Money is king for pandemic American honeymooners | Family


After the first year of the pandemic put many nuptials on ice, Americans began to revenge marriage as summer arrived. Even now, couples are still rushing to get married – but with extra care given the latest wave of infection.

If it were any other time, this matrimonial flood would force family and friends to scramble to buy gifts, a prospect made worse this year due to limited supply from retailers and skyrocketing prices.

But there is a silver lining to this altar race that can make it a bit easier for you: all honeymooners seem to want the money.

About 80% of couples on the marriage registry and Zola planning website receive money, according to the company.

Meanwhile, around 30% more cash giveaways were created and delivered through the online platform The Knot between January and July, compared to the same period two years ago, the company said. Honeymoon funds are the most popular request, but couples tired of viruses are also asking for money to pay for romantic dinners, massages, and even fertility treatments.

“The pandemic has caused society at large to rethink its priorities,” said Kristen Maxwell Cooper, vice president of The Knot. A mentality focused on experiences rather than material things “resonates with more and more people.”

COVID-19 has helped accelerate the adoption of cash gifts, which were already growing in popularity as people felt more comfortable asking for cash. After all, Millennials and Gen Z have come of age in the GoFundMe era and therefore are less likely than their elders to view crowdfunding as inappropriate.

There’s also the fact that Americans are getting married older, which often means couples already have enough household items that typically fill out a marriage registry.

Plus, Americans in their 20s and 30s are struggling with growing student loans as salaries do not keep pace with soaring tuition fees for higher education. Finding ways to reduce some of this debt is extremely important for couples hoping to secure a mortgage on favorable terms.

“As we see couples thinking about their financial goals and their future together, they see money as a more attractive and pragmatic option,” said Maxwell Cooper. “They might not need wedding china. They don’t need new leaves. But they have student loan debt.

Some are using cash gifts to pay for the wedding itself, a trend that was taking shape before anyone heard of the novel coronavirus. In 2019, Jenn and Jillian DeSimone from New York City essentially outsourced their nuptials. Friends and family helped offset the cost of items ranging from a wedding dress to ice cream served for dessert. The couple also created a student loan fund.

The contributions helped pave the way for their first years of marriage. The couple received a total of $ 10,000 in cash donations, about half of which went to student loans, helping Jenn pay off all of her debt. Now they own a house and are expecting a baby.

“We didn’t need anything for our house or for ourselves, so money was the best gift we could get,” Jillian said. “We were so moved by all the support. Much more meaningful than a set of dishes.

As partners retreated during the pandemic, demands for payment for goods and services related to the lockdown proved popular, with couples creating funds for meal delivery kits and home improvement projects. Lowe’s Home Improvement gift cards were among the most requested items on this front, according to the Joy Wedding website.

The newlyweds saw “the importance of making their homes a functional space to work, live and relax,” said Katie Brownstein, director of communications and marketing for Joy.

Overall, wedding guests are receptive to cash registers because gift givers want to make sure their gifts are put to good use, said Elaine Swann, etiquette consultant. This, as any couple married for decades can attest, is not always the case with silver tea sets or margarita machines. However, asking for and giving money involves a delicate social dance.

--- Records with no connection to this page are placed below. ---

(* Let $x,y\in X$ with $\deg(x)=\deg(y)=i$ for some positive integer $i$, and assume there are integers $n>i+2$ and $k\geq1$ such that $T^j(x)_n=T^j(y)_n$ for all $j\geq k$ and the infinite path $\big(T^j(x)_n\big)_{j\geq k}$ in $G_n$ begins with the cycle $c_{n,i}$ (that is, $\big(T^{k+t}(x)_n\big)_{t=0}^{|c_{n,i}|}$ is exactly the cycle $c_{n,i}$). Then $T^j(x)_n=T^j(y)_n$ for all $j\geq0$.
   Context: Paths and cycles: a graph is $G=(V,E)$ with $V$ finite and $E\subset V\times V$. A path is a finite sequence of vertices $(u_0,\dots,u_L)$ with $(u_j,u_{j+1})\in E$; its length is $|\cdot|=L$; a cycle is a path with $u_0=u_L$. For paths where one ends where the next starts, $+$ denotes concatenation and $a\,c$ means the cycle $c$ traversed $a$ times. Construction: $G_0=(V_0,E_0)$ with $V_0=\{v_{0,0}\}$, $E_0=\{e_{0,0}\}$, $e_{0,0}=(v_{0,0},v_{0,0})$. For $n\geq1$, $G_n=(V_n,E_n)$ consists of a vertex $v_{n,0}$, the loop $e_{n,0}=(v_{n,0},v_{n,0})$, and $n$ cycles $c_{n,1},\dots,c_{n,n}$, each starting and ending at $v_{n,0}$, whose vertices other than $v_{n,0}$ are pairwise distinct (within each cycle and across cycles); $V_n$ is the set of all these vertices and $E_n$ consists of $e_{n,0}$ and the edges of the cycles. The maps $\varphi_n\colon V_{n+1}\to V_n$ and the lengths of the cycles $c_{n+1,i}$ are defined together: $\varphi_n(v_{n+1,0})=v_{n,0}$, and for each $i$ a path $P_{n,i}$ in $G_n$ from $v_{n,0}$ to $v_{n,0}$ is given; $c_{n+1,i}$ has length $|P_{n,i}|$ and $\varphi_n$ maps its $j$-th vertex to the $j$-th vertex of $P_{n,i}$ (written $\varphi_n(c_{n+1,i})=P_{n,i}$). The paths are: $P_{0,1}=10\,e_{0,0}$; for $n\geq1$: $P_{n,i}=e_{n,0}+2c_{n,i}+2c_{n,i+1}+\dots+2c_{n,n}+e_{n,0}$ for $2\leq i\leq n$; $P_{n,n+1}=(n+2)^2\big(\sum_{i=1}^n|c_{n,i}|\big)\,e_{n,0}$; and $P_{n,1}=(1\,e_{n,0}+2c_{n,1})+(2\,e_{n,0}+2c_{n,1})+\dots+(k_n\,e_{n,0}+2c_{n,1})+e_{n,0}+2c_{n,2}+\dots+2c_{n,n}+e_{n,0}$, where $k_n=2\big(1+\sum_{i=1}^n|c_{n,i}|\big)$. Let $X=\{x\in\prod_{n\geq0}V_n:\varphi_n(x_{n+1})=x_n\ \forall n\}$ with metric $d(x,y)=2^{-\min\{i:x_i\neq y_i\}}$ ($d(x,x)=0$); $X$ is a compact zero-dimensional metric space, and $T\colon X\to X$ defined by $T(x)=y$ iff $(x_n,y_n)\in E_n$ for all $n$ is a well-defined homeomorphism. Write $x_n$ for the $n$-th coordinate of $x$; for $z\in X$ the sequence $(T^j(z)_n)_{j\geq0}$ is an infinite path in $G_n$. Degree: for $v\in V_n$, $\deg(v)=+\infty$ if $v=v_{n,0}$ and $\deg(v)=i$ if $v$ is a vertex of $c_{n,i}$ different from $v_{n,0}$; for $x\in X$, $\deg(x)=\min_n\deg(x_n)$. *)

From mathcomp Require Import all_boot.
Set Implicit Arguments. Unset Strict Implicit. Unset Printing Implicit Defensive.

(* Vertices of every G_n are encoded as pairs of naturals:
   (0,0)  is the distinguished vertex v_{n,0};
   (i,j)  with 1 <= i <= n and 1 <= j < |c_{n,i}| is the j-th vertex of c_{n,i}. *)
Definition V := (nat * nat)%type.
Definition v0 : V := (0, 0).

(* A path starting at v_{n,0} is represented by its list of vertices AFTER the
   starting vertex; hence its length is the size of the list and concatenation
   of paths is list concatenation. *)
Definition eloop : seq V := [:: v0].
Definition cyc (L i : nat) : seq V :=                          (* c_{n,i}, |c_{n,i}| = L *)
  [seq (i, j) | j <- iota 1 L.-1] ++ [:: v0].
Definition rep (a : nat) (p : seq V) : seq V := flatten (nseq a p).

(* The path P_{n,i} (tail form) given the lengths L m = |c_{n,m}| of level n. *)
Definition Ptail (n : nat) (L : nat -> nat) (i : nat) : seq V :=
  if n is 0 then (if i == 1 then rep 10 eloop else [::]) else
  let S := \sum_(1 <= m < n.+1) L m in
  if i == 1 then
    flatten [seq rep a eloop ++ rep 2 (cyc (L 1) 1) | a <- iota 1 (2 * (1 + S))]
    ++ eloop ++ flatten [seq rep 2 (cyc (L m) m) | m <- iota 2 n.-1] ++ eloop
  else if (2 <= i <= n) then
    eloop ++ flatten [seq rep 2 (cyc (L m) m) | m <- iota i (n - i + 1)] ++ eloop
  else if i == n.+1 then rep ((n + 2) ^ 2 * S) eloop
  else [::].

(* lens n i = |c_{n,i}| *)
Fixpoint lens (n : nat) : nat -> nat :=
  match n with
  | 0 => fun _ => 0
  | n'.+1 => fun i => size (Ptail n' (lens n') i)
  end.

Definition cycv (n i : nat) : seq V := v0 :: cyc (lens n i) i.

Definition inV (n : nat) (v : V) : Prop :=
  v = v0 \/ ((1 <= v.1 <= n) /\ (1 <= v.2 < lens n v.1)).

Definition edge (n : nat) (u w : V) : Prop :=
  (u = v0 /\ w = v0) \/
  exists i t, 1 <= i <= n /\ t < lens n i /\
              u = nth v0 (cycv n i) t /\ w = nth v0 (cycv n i) t.+1.

(* phi_n : V_{n+1} -> V_n : the j-th vertex of c_{n+1,i} goes to the j-th
   vertex of P_{n,i}. *)
Definition phi (n : nat) (v : V) : V :=
  if v == v0 then v0 else nth v0 (v0 :: Ptail n (lens n) v.1) v.2.

Definition inX (x : nat -> V) : Prop :=
  forall n, inV n (x n) /\ phi n (x n.+1) = x n.

(* xs is the T-orbit of xs 0: xs j = T^j(xs 0), where T(x) = y iff
   (x_n, y_n) in E_n for all n. *)
Definition is_orbit (xs : nat -> nat -> V) : Prop :=
  (forall j, inX (xs j)) /\ (forall j n, edge n (xs j n) (xs j.+1 n)).

(* Degree: deg(v) = +oo (None) for v_{n,0}, i (Some i) for a vertex of c_{n,i}. *)
Definition vdeg (v : V) : option nat := if v.1 == 0 then None else Some v.1.

Definition deg_is (x : nat -> V) (i : nat) : Prop :=
  (exists n, vdeg (x n) = Some i) /\ (forall n m, vdeg (x n) = Some m -> i <= m).

From mathcomp Require Import all_boot zify.

(* Let N >= n be a level. Since both points have degree i, neither orbit ever visits a cycle
   c_{N,m} with m < i. Suppose both orbits enter c_{N,i} at time s+1. One level up they sit at
   vertices (i,p) and (i,p') of c_{N+1,i}, so at level N both follow the path P_{N,i}, from
   positions p and p'. A move out of v_{N,0} into a cycle c_{N,m} with m <= n shows up at level
   n a fixed number of steps later, so agreement at level n keeps the two orbits in lockstep
   along P_{N,i}. If p <> p', the orbit that is ahead enters c_{N,i+1} while the other one is
   still on a cycle of index at most i, a contradiction. Hence p = p': the orbits coincide at
   level N+1, hence at level n, for the p previous steps, and enter c_{N+1,i} together at time
   s+1-p. Since p >= 2, iterating reaches time 0. *)

Lemma nth_cyc L m j : nth v0 (cyc L m) j = if j < L.-1 then (m, j.+1) else v0.
Proof.
rewrite /cyc nth_cat size_map size_iota; case: ifP => hj.
  by rewrite (nth_map 0) ?size_iota // nth_iota.
by case: (j - L.-1) => [|?]; rewrite /= ?nth_nil.
Qed.

Lemma size_cyc L m : size (cyc L m) = L.-1.+1.
Proof. by rewrite size_cat size_map size_iota addn1. Qed.

Lemma size_rep a l : size (rep a l) = a * size l.
Proof. by elim: a => [|a IH] //=; rewrite size_cat IH mulSn. Qed.

Lemma nth_cycv N m t :
  nth v0 (cycv N m) t = if 0 < t < lens N m then (m, t) else v0.
Proof. by case: t => [|t] //=; rewrite nth_cyc; case: (lens N m). Qed.

Lemma pair_neq_v0l m r : 0 < m -> (m, r) != v0.
Proof. by case: m. Qed.

Lemma pair_neq_v0r m r : 0 < r -> (m, r) != v0.
Proof. by case: r; case: m. Qed.

Definition depth_le (k : nat) (l : seq V) := forall j, (nth v0 l j).2 <= j + k.

Lemma depth_le_nil k : depth_le k [::].
Proof. by move=> j; rewrite nth_nil. Qed.

Lemma depth_le_cat k l1 l2 : depth_le k l1 -> depth_le k l2 -> depth_le k (l1 ++ l2).
Proof.
move=> h1 h2 j; rewrite nth_cat; case: ifP => _; first exact: h1.
have := h2 (j - size l1); lia.
Qed.

Lemma depth_le_flatten k (T : Type) (f : T -> seq V) s :
  (forall x, depth_le k (f x)) -> depth_le k (flatten (map f s)).
Proof. by move=> h; elim: s => [|x s IH] /=; [apply: depth_le_nil | apply: depth_le_cat]. Qed.

Lemma depth_le_rep k a l : depth_le k l -> depth_le k (rep a l).
Proof. by move=> h; elim: a => [|a IH] /=; [apply: depth_le_nil | apply: depth_le_cat]. Qed.

Lemma depth_le_eloop k : depth_le k eloop.
Proof. by case=> [|j] /=; rewrite ?nth_nil. Qed.

Lemma depth_le_cyc L m : depth_le 1 (cyc L m).
Proof. by move=> j; rewrite nth_cyc; case: ifP => //= _; rewrite addn1. Qed.

Lemma depth_le_cons l : depth_le 1 l -> depth_le 0 (v0 :: l).
Proof. by move=> h [|j] //=; rewrite addn0 -addn1. Qed.

Lemma Ptail_depth N L m j : (nth v0 (Ptail N L m) j).2 <= j.
Proof.
rewrite -[j in _ <= j]addn0; move: j.
have rep_eloop a : depth_le 0 (rep a eloop) by apply/depth_le_rep/depth_le_eloop.
rewrite /Ptail; case: N => [|N]; repeat case: ifP => _.
all: try exact: rep_eloop; try exact: depth_le_nil.
all: apply: depth_le_cons; repeat first
  [ apply: depth_le_cyc | apply: depth_le_eloop | apply: depth_le_rep
  | apply: depth_le_flatten => ? | apply: depth_le_cat | apply: depth_le_nil ].
Qed.

Lemma all_flatten_map (T : eqType) (p : pred V) (f : T -> seq V) s :
  (forall x, x \in s -> all p (f x)) -> all p (flatten (map f s)).
Proof.
elim: s => [|x s IH] h //=; rewrite all_cat h ?mem_head // IH // => y hy.
by rewrite h // in_cons hy orbT.
Qed.

Lemma all_rep (p : pred V) a l : all p l -> all p (rep a l).
Proof. by move=> h; elim: a => [|a IH] //=; rewrite all_cat h. Qed.

Lemma all_cyc (p : pred V) L m : p v0 -> (forall j, p (m, j)) -> all p (cyc L m).
Proof. by move=> h0 h; rewrite all_cat all_map all_seq1 h0 andbT; apply/allP => j _; apply: h. Qed.

Ltac split_all := repeat first
  [ apply: all_cyc | apply: all_rep | apply: all_flatten_map => ? ?
  | rewrite all_cat; apply/andP; split | apply/andP; split | done ].

Ltac bound_iota := try (match goal with H : is_true (_ \in iota _ _) |- _ =>
  rewrite mem_iota in H end); try move=> ?; rewrite /=; lia.

Lemma Ptail_cycle_ge N L m : all (fun e => (e == v0) || (m <= e.1)) (Ptail N L m).
Proof.
case: N => [|N]; rewrite /Ptail; first by case: ifP => _ //; split_all.
case: ifP => [/eqP -> | _]; first by split_all; bound_iota.
by case: ifP => _; [split_all; bound_iota | case: ifP => _ //; split_all].
Qed.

For starters, couples should consider making the request through an online platform such as a wedding website, Swann said, rather than “tarnishing the image of the physical invitation with a request for money. “. It is also essential to provide an electronic means of submitting the contribution, as securing checks during a receipt can quickly turn into a nightmare.

She also suggests describing a specific amount and purpose for the gift, and sharing why it matters. Swann remembers attending a wedding where the groom was headed to a doctoral program. In this case, a request for his education fund “was well received”.

Emily Forrest, communications director at Zola, echoed Swann’s sentiment. “We’ve found that guests are also more likely to contribute cash funds when a very specific goal is designated,” Forrest said. “So it’s a smart decision all around. “

The average size of cash gifts hovers around $ 150, according to Joy, although the amount decreases when it comes to a destination wedding. No matter the amount, Swann added, “not only will your gift be appreciated, it will be used.”